*Input*.
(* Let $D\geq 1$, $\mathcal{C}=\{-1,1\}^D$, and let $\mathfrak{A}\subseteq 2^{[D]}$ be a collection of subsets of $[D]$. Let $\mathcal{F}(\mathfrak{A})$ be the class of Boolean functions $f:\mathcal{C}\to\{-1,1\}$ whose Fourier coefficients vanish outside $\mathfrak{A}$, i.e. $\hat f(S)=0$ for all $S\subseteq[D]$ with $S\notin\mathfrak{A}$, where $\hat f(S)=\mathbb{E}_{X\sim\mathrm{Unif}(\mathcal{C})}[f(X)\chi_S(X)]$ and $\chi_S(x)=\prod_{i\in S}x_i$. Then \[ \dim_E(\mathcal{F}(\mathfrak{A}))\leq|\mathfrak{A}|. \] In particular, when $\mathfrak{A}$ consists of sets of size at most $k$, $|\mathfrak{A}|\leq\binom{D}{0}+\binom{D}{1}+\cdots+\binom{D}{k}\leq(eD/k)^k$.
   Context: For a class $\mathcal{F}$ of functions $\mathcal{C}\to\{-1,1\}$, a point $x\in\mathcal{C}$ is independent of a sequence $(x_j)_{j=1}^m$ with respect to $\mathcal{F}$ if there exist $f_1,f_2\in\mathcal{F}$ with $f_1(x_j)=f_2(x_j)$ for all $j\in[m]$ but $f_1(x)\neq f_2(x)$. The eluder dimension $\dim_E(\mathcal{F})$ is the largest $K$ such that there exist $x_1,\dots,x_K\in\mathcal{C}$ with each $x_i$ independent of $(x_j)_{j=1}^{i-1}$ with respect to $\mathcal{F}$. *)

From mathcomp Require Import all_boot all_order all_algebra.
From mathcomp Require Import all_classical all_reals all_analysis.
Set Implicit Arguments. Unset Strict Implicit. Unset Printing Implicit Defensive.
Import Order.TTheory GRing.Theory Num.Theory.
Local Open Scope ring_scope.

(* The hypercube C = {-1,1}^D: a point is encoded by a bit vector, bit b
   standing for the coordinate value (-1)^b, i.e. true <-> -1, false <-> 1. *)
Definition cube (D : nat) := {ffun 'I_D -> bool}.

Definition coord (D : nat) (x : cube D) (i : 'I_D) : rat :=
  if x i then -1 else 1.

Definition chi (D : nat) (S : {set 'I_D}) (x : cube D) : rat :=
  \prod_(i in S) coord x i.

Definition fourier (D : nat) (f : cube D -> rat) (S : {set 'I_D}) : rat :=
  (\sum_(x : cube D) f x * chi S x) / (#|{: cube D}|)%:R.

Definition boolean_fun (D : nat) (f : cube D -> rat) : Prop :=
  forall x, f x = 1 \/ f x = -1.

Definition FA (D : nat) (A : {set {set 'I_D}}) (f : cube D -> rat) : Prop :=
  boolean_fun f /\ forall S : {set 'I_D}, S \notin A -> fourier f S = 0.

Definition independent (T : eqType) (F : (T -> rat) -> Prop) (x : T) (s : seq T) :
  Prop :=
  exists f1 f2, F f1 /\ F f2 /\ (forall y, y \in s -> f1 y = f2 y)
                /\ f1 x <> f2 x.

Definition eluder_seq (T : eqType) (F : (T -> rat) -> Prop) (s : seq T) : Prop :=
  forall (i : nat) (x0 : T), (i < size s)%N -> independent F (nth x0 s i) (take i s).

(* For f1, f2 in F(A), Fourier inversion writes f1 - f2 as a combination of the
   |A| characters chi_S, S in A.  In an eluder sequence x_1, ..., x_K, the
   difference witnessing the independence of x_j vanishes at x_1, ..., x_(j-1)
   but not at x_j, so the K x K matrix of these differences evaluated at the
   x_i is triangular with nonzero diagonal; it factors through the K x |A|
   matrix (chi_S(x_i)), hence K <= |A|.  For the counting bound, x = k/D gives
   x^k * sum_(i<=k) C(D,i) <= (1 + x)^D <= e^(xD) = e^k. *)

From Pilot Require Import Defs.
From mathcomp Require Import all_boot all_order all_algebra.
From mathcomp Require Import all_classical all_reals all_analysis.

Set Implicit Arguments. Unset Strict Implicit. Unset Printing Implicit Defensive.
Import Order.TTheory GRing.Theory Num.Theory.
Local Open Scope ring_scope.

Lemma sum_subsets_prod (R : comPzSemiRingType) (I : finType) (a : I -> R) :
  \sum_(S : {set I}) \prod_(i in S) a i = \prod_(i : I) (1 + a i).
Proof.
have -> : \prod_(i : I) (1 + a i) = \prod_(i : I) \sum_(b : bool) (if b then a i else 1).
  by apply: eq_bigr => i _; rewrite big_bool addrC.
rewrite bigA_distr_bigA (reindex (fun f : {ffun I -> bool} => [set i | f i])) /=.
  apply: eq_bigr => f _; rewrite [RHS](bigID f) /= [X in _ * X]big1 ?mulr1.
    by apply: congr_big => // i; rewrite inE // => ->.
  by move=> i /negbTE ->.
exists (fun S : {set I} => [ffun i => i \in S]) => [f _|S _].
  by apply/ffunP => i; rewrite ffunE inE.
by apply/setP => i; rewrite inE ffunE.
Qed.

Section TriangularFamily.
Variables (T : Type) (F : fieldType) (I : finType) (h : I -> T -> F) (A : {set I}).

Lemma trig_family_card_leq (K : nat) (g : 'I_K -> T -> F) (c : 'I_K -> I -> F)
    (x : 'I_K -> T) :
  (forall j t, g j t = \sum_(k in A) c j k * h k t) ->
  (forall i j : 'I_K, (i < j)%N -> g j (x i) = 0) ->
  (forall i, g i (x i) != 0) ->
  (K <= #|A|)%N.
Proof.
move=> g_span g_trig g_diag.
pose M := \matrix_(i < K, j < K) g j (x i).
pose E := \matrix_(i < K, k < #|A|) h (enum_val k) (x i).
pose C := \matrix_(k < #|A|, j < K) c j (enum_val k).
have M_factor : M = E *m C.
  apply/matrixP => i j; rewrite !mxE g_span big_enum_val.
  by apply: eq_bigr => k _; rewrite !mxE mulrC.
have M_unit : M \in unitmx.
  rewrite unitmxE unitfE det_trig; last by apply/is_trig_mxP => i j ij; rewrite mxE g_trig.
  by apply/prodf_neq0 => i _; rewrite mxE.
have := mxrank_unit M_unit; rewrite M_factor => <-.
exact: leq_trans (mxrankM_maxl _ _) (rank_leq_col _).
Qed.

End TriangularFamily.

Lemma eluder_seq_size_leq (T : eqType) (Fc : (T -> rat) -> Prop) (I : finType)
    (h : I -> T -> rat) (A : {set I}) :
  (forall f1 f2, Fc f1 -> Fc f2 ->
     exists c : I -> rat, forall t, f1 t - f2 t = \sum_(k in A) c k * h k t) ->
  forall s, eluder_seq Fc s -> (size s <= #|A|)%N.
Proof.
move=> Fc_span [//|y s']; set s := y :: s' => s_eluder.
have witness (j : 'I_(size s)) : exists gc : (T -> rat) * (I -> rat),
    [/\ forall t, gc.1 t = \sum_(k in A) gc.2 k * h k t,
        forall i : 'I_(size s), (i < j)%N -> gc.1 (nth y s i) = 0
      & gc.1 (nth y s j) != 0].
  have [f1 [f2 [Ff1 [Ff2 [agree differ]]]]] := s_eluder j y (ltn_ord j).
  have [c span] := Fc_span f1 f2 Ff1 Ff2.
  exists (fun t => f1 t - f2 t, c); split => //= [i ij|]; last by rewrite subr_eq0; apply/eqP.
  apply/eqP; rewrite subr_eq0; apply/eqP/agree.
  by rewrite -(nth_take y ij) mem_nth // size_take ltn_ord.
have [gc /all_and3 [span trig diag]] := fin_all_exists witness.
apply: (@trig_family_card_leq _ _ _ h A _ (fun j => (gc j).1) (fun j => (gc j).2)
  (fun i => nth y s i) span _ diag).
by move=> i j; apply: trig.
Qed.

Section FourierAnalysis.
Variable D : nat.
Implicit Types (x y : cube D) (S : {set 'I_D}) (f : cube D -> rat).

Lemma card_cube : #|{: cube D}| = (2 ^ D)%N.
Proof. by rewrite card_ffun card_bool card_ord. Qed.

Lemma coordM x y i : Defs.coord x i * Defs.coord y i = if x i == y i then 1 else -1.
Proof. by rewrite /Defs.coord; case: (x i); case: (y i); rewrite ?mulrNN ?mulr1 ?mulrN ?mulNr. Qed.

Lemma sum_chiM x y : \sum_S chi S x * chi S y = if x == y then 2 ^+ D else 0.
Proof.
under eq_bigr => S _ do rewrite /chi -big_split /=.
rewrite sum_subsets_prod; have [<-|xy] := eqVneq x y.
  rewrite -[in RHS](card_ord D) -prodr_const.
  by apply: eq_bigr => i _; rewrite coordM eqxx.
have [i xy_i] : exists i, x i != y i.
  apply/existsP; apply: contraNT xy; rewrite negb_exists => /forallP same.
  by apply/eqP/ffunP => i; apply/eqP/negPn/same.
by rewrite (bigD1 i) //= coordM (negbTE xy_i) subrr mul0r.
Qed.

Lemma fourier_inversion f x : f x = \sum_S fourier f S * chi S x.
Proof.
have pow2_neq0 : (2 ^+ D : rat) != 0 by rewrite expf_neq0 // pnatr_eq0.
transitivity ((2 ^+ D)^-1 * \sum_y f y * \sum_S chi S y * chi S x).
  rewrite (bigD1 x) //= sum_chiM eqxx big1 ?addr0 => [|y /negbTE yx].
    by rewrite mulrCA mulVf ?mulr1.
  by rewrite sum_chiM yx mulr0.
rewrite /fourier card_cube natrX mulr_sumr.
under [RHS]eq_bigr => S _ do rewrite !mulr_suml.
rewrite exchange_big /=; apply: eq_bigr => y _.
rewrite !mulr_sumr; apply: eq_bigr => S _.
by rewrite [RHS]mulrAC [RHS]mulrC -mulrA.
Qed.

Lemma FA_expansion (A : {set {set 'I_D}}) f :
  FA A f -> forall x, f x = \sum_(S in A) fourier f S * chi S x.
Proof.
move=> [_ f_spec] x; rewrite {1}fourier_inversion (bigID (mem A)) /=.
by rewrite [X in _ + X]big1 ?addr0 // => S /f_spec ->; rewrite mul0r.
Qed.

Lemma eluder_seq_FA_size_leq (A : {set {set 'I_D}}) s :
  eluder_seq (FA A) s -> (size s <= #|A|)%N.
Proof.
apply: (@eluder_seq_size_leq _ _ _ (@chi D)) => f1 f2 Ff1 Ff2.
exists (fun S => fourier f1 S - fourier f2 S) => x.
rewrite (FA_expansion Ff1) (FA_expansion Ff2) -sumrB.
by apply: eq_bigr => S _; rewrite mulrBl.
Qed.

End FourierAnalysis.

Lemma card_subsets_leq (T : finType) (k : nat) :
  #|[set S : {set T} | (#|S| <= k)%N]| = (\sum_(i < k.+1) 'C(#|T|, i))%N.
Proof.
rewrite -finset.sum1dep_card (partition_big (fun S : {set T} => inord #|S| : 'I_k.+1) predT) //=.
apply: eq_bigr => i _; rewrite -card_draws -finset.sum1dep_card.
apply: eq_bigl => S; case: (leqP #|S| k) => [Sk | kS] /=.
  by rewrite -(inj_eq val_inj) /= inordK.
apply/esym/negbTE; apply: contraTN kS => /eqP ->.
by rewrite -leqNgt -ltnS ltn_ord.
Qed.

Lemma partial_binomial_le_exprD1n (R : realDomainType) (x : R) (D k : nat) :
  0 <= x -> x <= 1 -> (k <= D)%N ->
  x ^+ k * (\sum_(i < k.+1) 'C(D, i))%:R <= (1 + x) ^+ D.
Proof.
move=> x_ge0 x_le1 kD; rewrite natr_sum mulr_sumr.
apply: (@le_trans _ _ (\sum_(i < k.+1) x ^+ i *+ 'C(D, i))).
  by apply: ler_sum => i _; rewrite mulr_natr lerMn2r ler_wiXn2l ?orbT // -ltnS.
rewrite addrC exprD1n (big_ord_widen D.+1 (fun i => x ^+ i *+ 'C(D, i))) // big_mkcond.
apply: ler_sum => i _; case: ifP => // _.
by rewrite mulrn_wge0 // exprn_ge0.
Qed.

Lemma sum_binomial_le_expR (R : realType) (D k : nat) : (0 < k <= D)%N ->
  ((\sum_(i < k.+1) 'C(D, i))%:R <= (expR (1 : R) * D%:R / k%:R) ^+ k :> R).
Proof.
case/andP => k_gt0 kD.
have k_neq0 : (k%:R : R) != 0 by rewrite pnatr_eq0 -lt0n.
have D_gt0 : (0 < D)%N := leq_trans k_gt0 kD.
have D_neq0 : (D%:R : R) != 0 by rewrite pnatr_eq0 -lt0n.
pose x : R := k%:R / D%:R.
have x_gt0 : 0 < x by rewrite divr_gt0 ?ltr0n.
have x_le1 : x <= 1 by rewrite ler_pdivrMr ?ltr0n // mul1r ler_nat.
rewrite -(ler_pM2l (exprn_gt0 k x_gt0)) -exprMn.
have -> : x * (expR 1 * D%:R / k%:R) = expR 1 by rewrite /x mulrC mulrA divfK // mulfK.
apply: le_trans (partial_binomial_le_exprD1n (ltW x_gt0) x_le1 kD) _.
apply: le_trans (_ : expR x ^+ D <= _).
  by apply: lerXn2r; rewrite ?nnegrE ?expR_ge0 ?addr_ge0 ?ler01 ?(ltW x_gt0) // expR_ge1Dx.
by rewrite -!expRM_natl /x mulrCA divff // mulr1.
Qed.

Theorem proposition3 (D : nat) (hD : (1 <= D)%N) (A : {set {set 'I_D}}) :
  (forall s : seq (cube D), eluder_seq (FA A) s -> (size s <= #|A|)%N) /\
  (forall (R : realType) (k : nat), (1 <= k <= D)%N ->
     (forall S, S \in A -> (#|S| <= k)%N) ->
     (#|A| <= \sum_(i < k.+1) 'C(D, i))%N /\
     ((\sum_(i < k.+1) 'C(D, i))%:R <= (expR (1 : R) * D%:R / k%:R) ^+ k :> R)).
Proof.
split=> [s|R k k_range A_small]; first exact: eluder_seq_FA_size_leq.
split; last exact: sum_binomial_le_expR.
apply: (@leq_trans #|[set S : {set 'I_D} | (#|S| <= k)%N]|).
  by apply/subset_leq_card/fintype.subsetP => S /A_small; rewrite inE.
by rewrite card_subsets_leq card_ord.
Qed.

*Work item*.
Quote the data above from the line containing "forall x, f x = 1 \/ f x = -1." to the line containing "difference witnessing the", inclusive, and stop.

*Finished exercise*.
  forall x, f x = 1 \/ f x = -1.

Definition FA (D : nat) (A : {set {set 'I_D}}) (f : cube D -> rat) : Prop :=
  boolean_fun f /\ forall S : {set 'I_D}, S \notin A -> fourier f S = 0.

Definition independent (T : eqType) (F : (T -> rat) -> Prop) (x : T) (s : seq T) :
  Prop :=
  exists f1 f2, F f1 /\ F f2 /\ (forall y, y \in s -> f1 y = f2 y)
                /\ f1 x <> f2 x.

Definition eluder_seq (T : eqType) (F : (T -> rat) -> Prop) (s : seq T) : Prop :=
  forall (i : nat) (x0 : T), (i < size s)%N -> independent F (nth x0 s i) (take i s).

(* For f1, f2 in F(A), Fourier inversion writes f1 - f2 as a combination of the
   |A| characters chi_S, S in A.  In an eluder sequence x_1, ..., x_K, the
   difference witnessing the independence of x_j vanishes at x_1, ..., x_(j-1)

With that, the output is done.